I'd never heard of Cochrane until now, but have read Hornblower repeatedly.

Regarding raiding nations he was in service to so he could pay his crew. My first response and I'm a UK person, is "good for him sticking up for his crew, shame that he had to go that far" with a secondary thought of "hope he didn't hurt anyone,. because if he did I wouldn't agree" and "I really should read up on this before I comment maybe it isn't as justified as he thought and he just got impatient". So there you have a vaguely person on the street reaction from one UK person.


----------



## Deke (Sep 24, 2021)

Montero said:


> I'd never heard of Cochrane until now, but have read Hornblower repeatedly.
> 
> Regarding raiding nations he was in service to so he could pay his crew.
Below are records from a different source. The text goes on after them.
(* Assume the general single-user imperfect-prediction setting below. For $1\le\tau<\tau_n$ let $\tilde V^l(\tau)=V^l(\tau)$ and $\tilde V^u(\tau)=V^u(\tau)$, and for $\tau_n\le\tau\le\tau_n+D_n$ define $$\tilde V^l(\tau)=\max_{e\in\mathcal E,e>0}\Big\{-(1-p)\frac{1-[1-\zeta(i^{\min},e)]^{\tau-\tau_n}}{\zeta(i^{\min},e)}\lambda e+p\,\frac{1-[1-\zeta(i^{\min},e)]^{\tau}}{\zeta(i^{\min},e)}\big[-\lambda e+\zeta(i^{\min},e)\beta\big]\Big\},$$ $$\tilde V^u(\tau)=\sum_{z=\tau_n+1}^{\tau}\max_{e\in\mathcal E}\Big\{-\lambda e+\zeta(i^{\max},e)\big(p\beta-\max\{0,\tilde V^l(\tau_n),\tilde V^l(z-1)\}\big)\Big\}+p\sum_{z=1}^{\tau_n}\max_{e\in\mathcal E}\Big\{-\lambda e+\zeta(i^{\max},e)\big(\beta-\max\{0,V^l(z-1)\}\big)\Big\}.$$ Then for every state $i$ and every $1\le w\le D_n$, $$\max\{0,\tilde V^l(\tau_n),\tilde V^l(\tau_n+w)\}\le V^I(0,\tau_n+w,i)\le\min\{p\beta,\tilde V^u(\tau_n+w)\}.$$
   Context: Setting: fix $\beta\ge0$, $\lambda\ge0$, $p\in(0,1]$, integers $\tau_n\ge1$, $D_n\ge1$. The channel is a Markov chain on $\{1,\dots,K\}$ with transition matrix $(P^{i,j})$; $\mathcal E\subset[0,\infty)$ is a finite set containing $0$ and a positive element; $\zeta(i,\cdot):\mathcal E\to[0,1]$ with $\zeta(i,0)=0$, $\zeta(i,e)>0$ for $e>0$, strictly increasing (restriction of a concave strictly increasing function). States are totally ordered by $\zeta$: for every $i,j$ either $\zeta(i,e)\ge\zeta(j,e)$ for all $e$ or $\le$ for all $e$; $i^{\max}$ ($i^{\min}$) is a state with $\zeta(i^{\max},e)\ge\zeta(i,e)$ ($\zeta(i^{\min},e)\le\zeta(i,e)$) for all $i,e$. Auxiliary functions: $V^l(0)=0$, $V^l(\tau)=\max_{e\in\mathcal E,e>0}\frac{1-[1-\zeta(i^{\min},e)]^{\tau}}{\zeta(i^{\min},e)}[-\lambda e+\zeta(i^{\min},e)\beta]$ for $\tau\ge1$; $V^u(0)=0$, $V^u(\tau)=\sum_{z=1}^{\tau}\max_{e\in\mathcal E}\{-\lambda e+\zeta(i^{\max},e)(\beta-\max\{0,V^l(z-1)\})\}$. Imperfect-prediction value function of a predicted packet (each prediction is correct with probability $p$, verified at its arrival time; $\tau$ = slots until deadline, deadline $\tau_n$ after arrival, window $D_n$): $V^I(0,0,i)=0$; $V^I(0,\tau,i)=\max_{e\in\mathcal E}\{-\lambda e+\zeta(i,e)\beta+(1-\zeta(i,e))\sum_jP^{i,j}V^I(0,\tau-1,j)\}$ for $1\le\tau\le\tau_n$; $V^I(0,\tau_n+1,i)=\max_{e\in\mathcal E}\{-\lambda e+\zeta(i,e)p\beta+p(1-\zeta(i,e))\sum_jP^{i,j}V^I(0,\tau_n,j)\}$; $V^I(0,\tau,i)=\max_{e\in\mathcal E}\{-\lambda e+\zeta(i,e)p\beta+(1-\zeta(i,e))\sum_jP^{i,j}V^I(0,\tau-1,j)\}$ for $\tau_n+2\le\tau\le\tau_n+D_n$. *)

From HB Require Import structures.
From mathcomp Require Import all_boot all_order all_algebra.
Set Implicit Arguments. Unset Strict Implicit. Unset Printing Implicit Defensive.
Import Order.TTheory GRing.Theory Num.Theory.
Local Open Scope ring_scope.

(* Maximum of a nonempty list (0 on the empty list; never used on an empty list
   under the hypotheses of the theorem). *)
Definition maxl (R : realFieldType) (s : seq R) : R :=
  if s is x :: s' then foldr Num.max x s' else 0.

Definition maxE (R : realFieldType) (E : seq R) (f : R -> R) : R :=
  maxl [seq f e | e <- E].

Definition maxEpos (R : realFieldType) (E : seq R) (f : R -> R) : R :=
  maxl [seq f e | e <- E & 0 < e].

Definition Vl (R : realFieldType) (K : nat) (E : seq R) (zeta : 'I_K -> R -> R)
  (imin : 'I_K) (beta lambda : R) (tau : nat) : R :=
  if tau is 0 then 0 else
  maxEpos E (fun e => (1 - (1 - zeta imin e) ^+ tau) / zeta imin e *
                      (- lambda * e + zeta imin e * beta)).

Definition Vu (R : realFieldType) (K : nat) (E : seq R) (zeta : 'I_K -> R -> R)
  (imin imax : 'I_K) (beta lambda : R) (tau : nat) : R :=
  \sum_(1 <= z < tau.+1)
     maxE E (fun e => - lambda * e + zeta imax e *
                (beta - Num.max 0 (Vl E zeta imin beta lambda z.-1))).

Fixpoint VI (R : realFieldType) (K : nat) (P : 'I_K -> 'I_K -> R) (E : seq R)
  (zeta : 'I_K -> R -> R) (beta lambda p : R) (taun : nat) (tau : nat)
  (i : 'I_K) {struct tau} : R :=
  match tau with
  | 0 => 0
  | t.+1 =>
    let cont := \sum_j P i j * VI P E zeta beta lambda p taun t j in
    if (tau <= taun)%N then
      maxE E (fun e => - lambda * e + zeta i e * beta + (1 - zeta i e) * cont)
    else if (tau == taun.+1)%N then
      maxE E (fun e => - lambda * e + zeta i e * p * beta
                       + p * (1 - zeta i e) * cont)
    else
      maxE E (fun e => - lambda * e + zeta i e * p * beta + (1 - zeta i e) * cont)
  end.

Definition tVl (R : realFieldType) (K : nat) (E : seq R) (zeta : 'I_K -> R -> R)
  (imin : 'I_K) (beta lambda p : R) (taun : nat) (tau : nat) : R :=
  if (tau < taun)%N then Vl E zeta imin beta lambda tau else
  maxEpos E (fun e =>
     - (1 - p) * ((1 - (1 - zeta imin e) ^+ (tau - taun)) / zeta imin e) * (lambda * e)
     + p * ((1 - (1 - zeta imin e) ^+ tau) / zeta imin e)
         * (- lambda * e + zeta imin e * beta)).

Definition tVu (R : realFieldType) (K : nat) (E : seq R) (zeta : 'I_K -> R -> R)
  (imin imax : 'I_K) (beta lambda p : R) (taun : nat) (tau : nat) : R :=
  if (tau < taun)%N then Vu E zeta imin imax beta lambda tau else
  \sum_(taun.+1 <= z < tau.+1)
     maxE E (fun e => - lambda * e + zeta imax e *
        (p * beta - Num.max 0 (Num.max (tVl E zeta imin beta lambda p taun taun)
                                       (tVl E zeta imin beta lambda p taun z.-1))))
  + p * \sum_(1 <= z < taun.+1)
     maxE E (fun e => - lambda * e + zeta imax e *
                (beta - Num.max 0 (Vl E zeta imin beta lambda z.-1))).

From HB Require Import structures.
From mathcomp Require Import all_boot all_order all_algebra.
From mathcomp Require Import ring lra zify.
Set Implicit Arguments. Unset Strict Implicit. Unset Printing Implicit Defensive.
Import Order.TTheory GRing.Theory Num.Theory.
Local Open Scope ring_scope.

(* Each value V^I(0, t+1, i) is one Bellman step
     max_e { -lambda e + zeta(i,e) r + (1 - zeta(i,e)) c }
   with reward r (beta before the deadline, p beta after it) and continuation c,
   a convex combination of the values at time t (scaled by p at t = tau_n).
   The choice e = 0 shows that the step dominates c.  For e > 0, lowering
   zeta(i,e) to zeta(i^min,e) and c to any L <= r only decreases the bracket,
   and the geometric sums in tilde V^l satisfy exactly this recursion.  Raising
   zeta(i,e) to zeta(i^max,e) and lowering c to the lower bound in the factor
   r - c produces the increments of tilde V^u.  All bounds survive convex
   combinations, so they propagate by induction on t. *)

Section Maxima.
Variable R : realFieldType.
Implicit Types (s E : seq R) (f g : R -> R).

Lemma maxl_ge s x : x \in s -> x <= maxl s.
Proof.
case: s => [|y s] //=; elim: s y => [|a s IH] y /=; first by rewrite inE => /eqP->.
rewrite le_max !inE => /or3P[xy | /eqP-> | xs]; last 2 first.
- by rewrite lexx.
- by rewrite IH ?orbT // inE xs orbT.
by rewrite IH ?orbT // inE xy.
Qed.

Lemma maxl_le s b : s != [::] -> (forall x, x \in s -> x <= b) -> maxl s <= b.
Proof.
case: s => [|y s] // _ /=; elim: s y => [|a s IH] y sb /=; first exact/sb/mem_head.
rewrite ge_max sb ?inE ?eqxx ?orbT //=.
apply: IH => x; rewrite inE => /orP[/eqP->|xs]; apply: sb;
  by rewrite !inE ?eqxx ?xs ?orbT.
Qed.

Lemma maxE_ge E f e : e \in E -> f e <= maxE E f.
Proof. by move=> eE; apply/maxl_ge/map_f. Qed.

Lemma maxE_le E f b : E != [::] -> (forall e, e \in E -> f e <= b) -> maxE E f <= b.
Proof.
move=> E0 fb; apply: maxl_le => [|_ /mapP[e eE ->]]; last exact: fb.
by case: E E0 {fb}.
Qed.

Lemma eq_maxE E f g : {in E, f =1 g} -> maxE E f = maxE E g.
Proof. by move=> fg; rewrite /maxE (eq_in_map f g E).1. Qed.

Lemma maxEpos_ge E f e : e \in E -> 0 < e -> f e <= maxEpos E f.
Proof. by move=> eE e0; apply/maxl_ge/map_f; rewrite mem_filter e0. Qed.

Lemma maxEpos_le E f b : (exists2 e, e \in E & 0 < e) ->
  (forall e, e \in E -> 0 < e -> f e <= b) -> maxEpos E f <= b.
Proof.
move=> [e eE e0] fb; apply: maxl_le => [|_ /mapP[e' + ->]]; last first.
  by rewrite mem_filter => /andP[e'0 e'E]; apply: fb.
rewrite -size_eq0 size_map size_eq0; apply/eqP => E0.
by have := mem_filter (fun e => 0 < e) e E; rewrite E0 eE e0.
Qed.

End Maxima.

Lemma convex_comb_bounds (R : realFieldType) (I : finType) (w f : I -> R) lo hi :
  (forall j, 0 <= w j) -> \sum_j w j = 1 -> (forall j, lo <= f j <= hi) ->
  lo <= \sum_j w j * f j <= hi.
Proof.
move=> w0 w1 f_in; have avg a : a = \sum_j w j * a by rewrite -mulr_suml w1 mul1r.
apply/andP; split; [rewrite {1}(avg lo) | rewrite {1}(avg hi)]; apply: ler_sum => j _;
  by apply: ler_wpM2l => //; case/andP: (f_in j).
Qed.

(* For x != 0 this is sum_(j < k) (1 - x)^j. *)
Definition geom_sum (R : realFieldType) (x : R) (k : nat) : R :=
  (1 - (1 - x) ^+ k) / x.

Section GeometricSum.
Variable R : realFieldType.
Implicit Types x a b : R.

Lemma geom_sum0 x : geom_sum x 0 = 0.
Proof. by rewrite /geom_sum expr0 subrr mul0r. Qed.

Lemma geom_sumS x k : x != 0 -> geom_sum x k.+1 = 1 + (1 - x) * geom_sum x k.
Proof. by move=> x0; rewrite /geom_sum exprS; field. Qed.

Lemma geom_sum_ge0 x k : 0 < x <= 1 -> 0 <= geom_sum x k.
Proof.
case/andP=> x0 x1; apply: divr_ge0; last exact: ltW.
by rewrite subr_ge0; apply: exprn_ile1; lra.
Qed.

Lemma geom_sum_term_le x k a b : 0 < x <= 1 -> 0 <= a -> 0 <= b ->
  geom_sum x k * (- a + x * b) <= b.
Proof.
move=> x01 a0 b0; have G0 := geom_sum_ge0 k x01; case/andP: x01 => x0 x1.
have x1k : 0 <= (1 - x) ^+ k by rewrite exprn_ge0 ?subr_ge0.
have xG : x * geom_sum x k <= 1 by rewrite mulrC divfK ?gt_eqF //; lra.
have := mulr_ge0 G0 a0; have := ler_wpM2r b0 xG; lra.
Qed.

End GeometricSum.

Section Bellman.
Variables (R : realFieldType) (E : seq R) (lambda : R).
Hypotheses (hE0 : 0 \in E) (hlambda : 0 <= lambda)
  (hEnn : forall e, e \in E -> 0 <= e).

Definition bellman (z : R -> R) (r c : R) : R :=
  maxE E (fun e => - lambda * e + z e * r + (1 - z e) * c).

Variable z : R -> R.
Hypotheses (hz0 : z 0 = 0) (hz01 : forall e, e \in E -> 0 <= z e <= 1).

Let E_neq0 : E != [::]. Proof. by case: E hE0. Qed.

Lemma bellman_ge_cont r c : c <= bellman z r c.
Proof. by apply: le_trans (maxE_ge _ hE0); rewrite hz0; lra. Qed.

Lemma bellman_le_reward r c : c <= r -> bellman z r c <= r.
Proof.
move=> cr; apply: maxE_le => // e eE; have /andP[z0 z1] := hz01 eE.
have := mulr_ge0 hlambda (hEnn eE); nra.
Qed.

Lemma bellman_ge_term r c L x e : e \in E -> x <= z e -> L <= r -> L <= c ->
  - lambda * e + x * r + (1 - x) * L <= bellman z r c.
Proof.
move=> eE xz Lr Lc; apply: le_trans (maxE_ge _ eE); have /andP[_ z1] := hz01 eE.
nra.
Qed.

Lemma bellman_le_sum zmax r c M U : (forall e, e \in E -> z e <= zmax e) ->
  c <= r -> M <= c -> c <= U ->
  bellman z r c <= U + maxE E (fun e => - lambda * e + zmax e * (r - M)).
Proof.
move=> zzmax cr Mc cU; apply: maxE_le => // e eE.
have := @maxE_ge _ E (fun e => - lambda * e + zmax e * (r - M)) e eE.
have /andP[z0 _] := hz01 eE; have zm := zzmax e eE; nra.
Qed.

End Bellman.

Section ValueBounds.
Variables (R : realFieldType) (K : nat) (P : 'I_K -> 'I_K -> R) (E : seq R)
  (zeta : 'I_K -> R -> R) (imin imax : 'I_K) (beta lambda p : R) (taun : nat).
Hypotheses (hbeta : 0 <= beta) (hlambda : 0 <= lambda) (hp0 : 0 <= p)
  (hp1 : p <= 1) (hP0 : forall i j, 0 <= P i j) (hP1 : forall i, \sum_j P i j = 1)
  (hE0 : 0 \in E) (hEpos : exists2 e, e \in E & 0 < e)
  (hEnn : forall e, e \in E -> 0 <= e)
  (hz01 : forall i e, e \in E -> 0 <= zeta i e <= 1)
  (hz0 : forall i, zeta i 0 = 0)
  (hzmin_pos : forall e, e \in E -> 0 < e -> 0 < zeta imin e)
  (himax : forall i e, e \in E -> zeta i e <= zeta imax e)
  (himin : forall i e, e \in E -> zeta imin e <= zeta i e).

Local Notation V := (VI P E zeta beta lambda p taun).
Local Notation vl := (Vl E zeta imin beta lambda).
Local Notation vu := (Vu E zeta imin imax beta lambda).
Local Notation tvl := (tVl E zeta imin beta lambda p taun).
Local Notation tvu := (tVu E zeta imin imax beta lambda p taun).
Local Notation step := (bellman E lambda).

Definition cont_value t i := \sum_j P i j * V t j.

Lemma VI_succ_before t i : (t < taun)%N -> V t.+1 i = step (zeta i) beta (cont_value t i).
Proof. by move=> /= ->. Qed.

Lemma VI_succ_deadline i : V taun.+1 i = step (zeta i) (p * beta) (p * cont_value taun i).
Proof. by rewrite /= ltnn eqxx; apply: eq_maxE => e _; rewrite /cont_value; ring. Qed.

Lemma VI_succ_after t i : (taun < t)%N ->
  V t.+1 i = step (zeta i) (p * beta) (cont_value t i).
Proof.
move=> tn /=; rewrite ltnNge ltnW //= eqSS gtn_eqF //.
by apply: eq_maxE => e _; rewrite mulrA.
Qed.

Definition vl_term t e :=
  geom_sum (zeta imin e) t * (- lambda * e + zeta imin e * beta).

Definition tvl_term t e :=
  - (1 - p) * geom_sum (zeta imin e) (t - taun) * (lambda * e)
  + p * geom_sum (zeta imin e) t * (- lambda * e + zeta imin e * beta).

Section PositiveEnergy.
Variables (e : R) (eE : e \in E) (e0 : 0 < e).

Let zmin0 : zeta imin e != 0. Proof. by rewrite gt_eqF ?hzmin_pos. Qed.
Let zmin01 : 0 < zeta imin e <= 1.
Proof. by rewrite hzmin_pos //; case/andP: (hz01 imin eE). Qed.

Lemma vl_termS t :
  vl_term t.+1 e = - lambda * e + zeta imin e * beta + (1 - zeta imin e) * vl_term t e.
Proof. by rewrite /vl_term geom_sumS //; ring. Qed.

Lemma vl_term_le_beta t : vl_term t e <= beta.
Proof. by rewrite /vl_term mulNr geom_sum_term_le // mulr_ge0 // hEnn. Qed.

Lemma vl_term_le_Vl t : vl_term t e <= vl t.
Proof. by case: t => [|t]; [rewrite /vl_term geom_sum0 mul0r | exact: maxEpos_ge]. Qed.

Lemma tvl_termS t : (taun <= t)%N -> tvl_term t.+1 e =
  - lambda * e + zeta imin e * (p * beta) + (1 - zeta imin e) * tvl_term t e.
Proof. by move=> tn; rewrite /tvl_term subSn // !geom_sumS //; ring. Qed.
From HB Require Import structures.
From mathcomp Require Import all_boot all_order all_algebra.
From mathcomp Require Import all_classical all_reals all_analysis ess_sup_inf.
From mathcomp Require Import measurable_realfun lra ring.
Import Order.TTheory GRing.Theory Num.Theory.
Import numFieldNormedType.Exports.
Local Open Scope classical_set_scope.
Local Open Scope ring_scope.

(* Off the event E_n that some self-avoiding path from 0 with at least n
   edges has (t - r0)-weight at most delta |gamma|, every self-avoiding path
   has (t + b)-weight at least - delta n: a short path because t >= r0 a.s.
   and b >= - r0 - delta, a long one because it is then even nonnegative.
   Hence A^(b) <= 2 delta n off E_n, so with s = c1 / (4 delta) we get
   exp(s A^(b)) <= sum_n exp(c1 (n + 1) / 2) 1_(E_n), whose expectation is a
   convergent geometric series by P(E_n) <= C exp(- c1 n). *)

Section countable_families.
Context dT (T : measurableType dT) (R : realType).
Variable mu : {measure set T -> \bar R}.

Lemma ae_forall_countable (I : countType) (Q : I -> T -> Prop) :
  (forall i, \forall w \ae mu, Q i w) -> \forall w \ae mu, forall i, Q i w.
Proof.
move=> aeQ.
have : \forall w \ae mu, forall n, if @unpickle I n is Some i then Q i w else True.
  by apply: ae_foralln => n; case: (@unpickle I n) => [i|]; [exact: aeQ | exact: aeW].
by apply: filterS => w Qw i; have := Qw (pickle i); rewrite pickleK.
Qed.

Lemma ae_ge_ess_inf (I : countType) (X : I -> T -> R) (r : R) :
  (forall i, (r%:E <= ess_inf mu (fun w => (X i w)%:E))%E) ->
  \forall w \ae mu, forall i, r <= X i w.
Proof.
move=> rX; apply: ae_forall_countable => i.
by apply: filterS (ess_inf_le mu _) => w /(le_trans (rX i)); rewrite lee_fin.
Qed.

Lemma measurable_exists (I : countType) (Q : I -> T -> Prop) :
  (forall i, measurable [set w | Q i w]) -> measurable [set w | exists i, Q i w].
Proof.
move=> mQ; rewrite (_ : [set w | exists i, Q i w] = \bigcup_i [set w | Q i w]).
  exact: countable_bigcupT_measurable.
by apply/seteqP; split=> w [i]; [exists i | move=> _; exists i].
Qed.

End countable_families.

Section exponential_tails.
Context dT (T : measurableType dT) (R : realType).
Variable mu : {measure set T -> \bar R}.
Local Open Scope ereal_scope.

(* Needed because [A_b] is never shown to be measurable: the integral of a
   nonnegative function is a supremum over its simple minorants, whatever its
   measurability. *)
Lemma ge0_le_integral_nonmeasurable {f g : T -> \bar R} :
  (forall w, 0 <= f w) -> (forall w, f w <= g w) ->
  \int[mu]_w f w <= \int[mu]_w g w.
Proof.
move=> f0 fg; have g0 w : 0 <= g w by exact: le_trans (f0 w) (fg w).
rewrite !ge0_integralE // !patch_setT.
apply: ereal_sup_le => _ [h hf <-]; exists h => //= w.
exact: le_trans (hf w) (fg w).
Qed.

Lemma nneseries_indic_ge {a : nat -> R} {F : nat -> set T} {w : T} {n : nat} :
  (forall n, 0 <= a n)%R -> F n w ->
  (a n.+1)%:E <= \sum_(k <oo) (a k.+1 * \1_(F k) w)%:E.
Proof.
move=> a0 Fnw.
have term0 k : 0 <= (a k.+1 * \1_(F k) w)%:E by rewrite lee_fin mulr_ge0 // indicE.
apply: le_trans (nneseries_lim_ge n.+1 (fun k _ _ => term0 k)).
rewrite big_nat_recr //= indicE mem_set // mulr1 lee_paddl //.
exact: sume_ge0.
Qed.

(* If [F n.+1] is the first layer missing [w], then [y <= a n.+1] is one term
   of the series; if [w] lies in every layer, the series diverges. *)
Lemma le_nneseries_indic (a : nat -> R) (F : nat -> set T) (y : \bar R) (w : T) :
  (forall n, 0 <= a n)%R -> (forall r : R, exists n, r <= a n.+1)%R ->
  F 0%N w -> (forall n, ~ F n w -> y <= (a n)%:E) ->
  y <= \sum_(n <oo) (a n.+1 * \1_(F n) w)%:E.
Proof.
move=> a0 a_unbounded F0 yF.
have [allF | /existsNP[m nFm]] := pselect (forall n, F n w).
  suff -> : \sum_(n <oo) (a n.+1 * \1_(F n) w)%:E = +oo by rewrite leey.
  apply/eqyP => r _; have [n rn] := a_unbounded r.
  by apply: le_trans (nneseries_indic_ge a0 (allF n)); rewrite lee_fin.
elim: m nFm => [//|m IH nFm].
have [Fm|] := pselect (F m w); last exact: IH.
exact: le_trans (yF _ nFm) (nneseries_indic_ge a0 Fm).
Qed.

Lemma nneseries_geometric_lty (a z : R) :
  (0 <= a)%R -> (0 <= z < 1)%R -> \sum_(n <oo) (geometric a z n)%:E < +oo.
Proof.
move=> a0 /andP[z0 z1].
apply: (@le_lt_trans _ _ (a / (1 - z))%:E); last exact: ltry.
apply: lime_le.
  by apply: is_cvg_nneseries => n _ _; rewrite lee_fin geometric_ge0.
apply: nearW => n; rewrite sumEFin lee_fin.
have -> : (\sum_(0 <= i < n) geometric a z i = series (geometric a z) n)%R by [].
rewrite geometric_seriesE ?lt_eqF //=.
rewrite ler_pM2r ?invr_gt0 ?subr_gt0 // mulrBr mulr1 lerBlDr lerDl.
by rewrite mulr_ge0 // exprn_ge0.
Qed.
My first response and I'm a UK person, is "good for him sticking up for his crew, shame that he had to go that far" with a secondary thought of "hope he didn't hurt anyone,. because if he did I wouldn't agree" and "I really should read up on this before I comment maybe it isn't as justified as he thought and he just got impatient". So there you have a vaguely person on the street reaction from one UK person.


Excellent the UK civilian body has approved my using Cochrane as inspiration for a space captain.


----------



## Deke (Sep 24, 2021)

The Judge said:


> Well, you'll be following in famous footsteps if you use Cochrane's personality and exploits as a template, since both Horatio Hornblower and Jack Aubrey are said to be based on him!
> 
> My little knowledge of him comes via the books, so of no help to you.  I imagine you've got or read all and any biographies, but have you also looked into the National Maritime Museum at Greenwich?  I'm guessing a personal visit isn't on the cards for you, but I know it's possible to access some information online from their archives.
> 
> Anyhow, good luck with it!  Sounds like you're planning some rollicking adventures with your space opera!


Mmm I will google the museum and see if I can find any fun tid bits. I find a lot of my favorite pieces to use when writing are small things that get overlooked when we study history in broad swathes. That might explain my obsession with War Stories with Mark Felton.


----------



## paranoid marvin (Sep 24, 2021)

One of Bernard Cornwell's Sharpe novels (Sharpe's Devil) features Thomas Cochrane. Cornwell does tend to take some liberties, but it may be worth a read to see some of the character of the man.


----------



## Deke (Sep 25, 2021)

paranoid marvin said:


> One of Bernard Cornwell's Sharpe novels (Sharpe's Devil) features Thomas Cochrane. Cornwell does tend to take some liberties, but it may be worth a read to see some of the character of the man.


I do love Sharpe, although I have only seen the Sean Bean series not read the book, I’ll def give this a look, thanks.


----------



## Montero (Sep 25, 2021)

There are a lot more books than were televised. I love the Sean Bean series too.

I do know some re-enactors who get a little sniffy about the version of Over the Hills and Far Away - it was originally written for Marlborough's campaign in the reign of Queen Anne. Wouldn't surprise me if it was re-worded in the Napoleonic era though. So King George commands and we obey, was originally Queen Anne commands and we obey,


----------